If you're using "h-clips" then this will do that for you, if not, I put a 2' nail between the sheets for expansion. Actually it has more to do with contraction of the rafter/joist, the OSB is pretty stable.


----------



## pmaru77 (Dec 7, 2006)

I just did a 9x12 shed and all my seams are on rafters...no gap. So the contraction of the joist brings the OSB onto a collision course? So say the rafter shrinks to 1 7/16 from 1 9/16....so a 1/8 inch collision. But not until many years?


----------



## North Country (Nov 5, 2006)

The reason for this 1/8" gap is to take into account the expansive properties of OSB. LEave a sheet out in the rain and you'll see what I mean.


----------



## caseywa (Nov 7, 2006)

I had built a roof over our front porch using OSB and did not leave an expansion gap...what a mistake! Over time it was easy to see the bowing that occurred. We had the house reroofed this year by a roofing company with me replacing the the porch roof sheathing.
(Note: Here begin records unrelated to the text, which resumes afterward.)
Section SliceCells.
Context {Y : C}.

Lemma slice_cell_id {A A1 : B} {a : hom (F A) Y} {f1 : hom (F A1) Y} {p : hom A A1}
  (θ : cell a (f1 ⊚ fmor F p)) : is_slice_cell (id2 p) θ θ.
Proof. exact (sl_id2_ok HC HF θ). Qed.

Lemma slice_cell_id_eq {A A1 : B} {a : hom (F A) Y} {f1 : hom (F A1) Y} {p : hom A A1}
  (θ φ : cell a (f1 ⊚ fmor F p)) : is_slice_cell (id2 p) θ φ -> θ = φ.
Proof. unfold is_slice_cell. rewrite (fcell_id HF), (hid HC), (vid_l HC). auto. Qed.

Lemma slice_cell_vcomp {A A1 : B} {a : hom (F A) Y} {f1 : hom (F A1) Y} {p q r : hom A A1}
  {β : cell q r} {α : cell p q} {θ1 θ2 θ3} :
  is_slice_cell (a:=a) (f1:=f1) β θ2 θ3 -> is_slice_cell α θ1 θ2 ->
  is_slice_cell (β • α) θ1 θ3.
Proof. intros H1 H2. exact (sl_vcomp_ok HC HF H1 H2). Qed.

Lemma slice_cell_precomp {A A1 : B} {a a' : hom (F A) Y} {f1 : hom (F A1) Y} {p q : hom A A1}
  {α : cell p q} {θ φ} (ι : cell a' a) :
  is_slice_cell (a:=a) (f1:=f1) α θ φ -> is_slice_cell α (θ • ι) (φ • ι).
Proof. unfold is_slice_cell. intros H. rewrite (vassoc HC), H. reflexivity. Qed.

Lemma slice_cell_hcomp {A0 A1 A2 : B} {f0 : hom (F A0) Y} {f1 : hom (F A1) Y}
  {f2 : hom (F A2) Y} {p0 p0' : hom A0 A1} {θ0 : cell f0 (f1 ⊚ fmor F p0)}
  {θ0' : cell f0 (f1 ⊚ fmor F p0')} {α : cell p0 p0'} {p1 p1' : hom A1 A2}
  {θ1 : cell f1 (f2 ⊚ fmor F p1)} {θ1' : cell f1 (f2 ⊚ fmor F p1')} {β : cell p1 p1'} :
  is_slice_cell α θ0 θ0' -> is_slice_cell β θ1 θ1' ->
  is_slice_cell (β ⋆ α) (slc θ1 θ0) (slc θ1' θ0').
Proof. intros H1 H2. exact (sl_hcomp_ok HC HF H1 H2). Qed.

Lemma slice_cell_cod_eq {A A1 : B} {a : hom (F A) Y} {f1 : hom (F A1) Y} {p q : hom A A1}
  {α : cell p q} {θ : cell a (f1 ⊚ fmor F p)} {φ φ' : cell a (f1 ⊚ fmor F q)} :
  is_slice_cell α θ φ -> φ = φ' -> is_slice_cell α θ φ'.
Proof. intros H <-. exact H. Qed.

Lemma slice_cell_assoc {A0 A1 A2 A3 : B} {f0 : hom (F A0) Y} {f1 : hom (F A1) Y}
  {f2 : hom (F A2) Y} {f3 : hom (F A3) Y} {p0 : hom A0 A1} {p1 : hom A1 A2} {p2 : hom A2 A3}
  (θ0 : cell f0 (f1 ⊚ fmor F p0)) (θ1 : cell f1 (f2 ⊚ fmor F p1))
  (θ2 : cell f2 (f3 ⊚ fmor F p2)) :
  is_slice_cell (assoc p2 p1 p0) (slc (slc θ2 θ1) θ0) (slc θ2 (slc θ1 θ0)).
Proof. exact (sl_assoc_ok HC HF θ0 θ1 θ2). Qed.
I wanted to do the work for a couple of reasons...the main one being having access to run some telephone and computer cables to other rooms in the house and to use 3/4 inch ply instead of 1/2 inch the roofing company wanted to use.

An expansion gap of 1/8 inch was used and the areas I felt were too tight I ran the skillsaw along the seam with the blade set at 3/4 inch. The roofing company and building inspector were both pleased with the gaping between the sheets.


----------



## AaronB (Jan 29, 2005)

Use the clips.


----------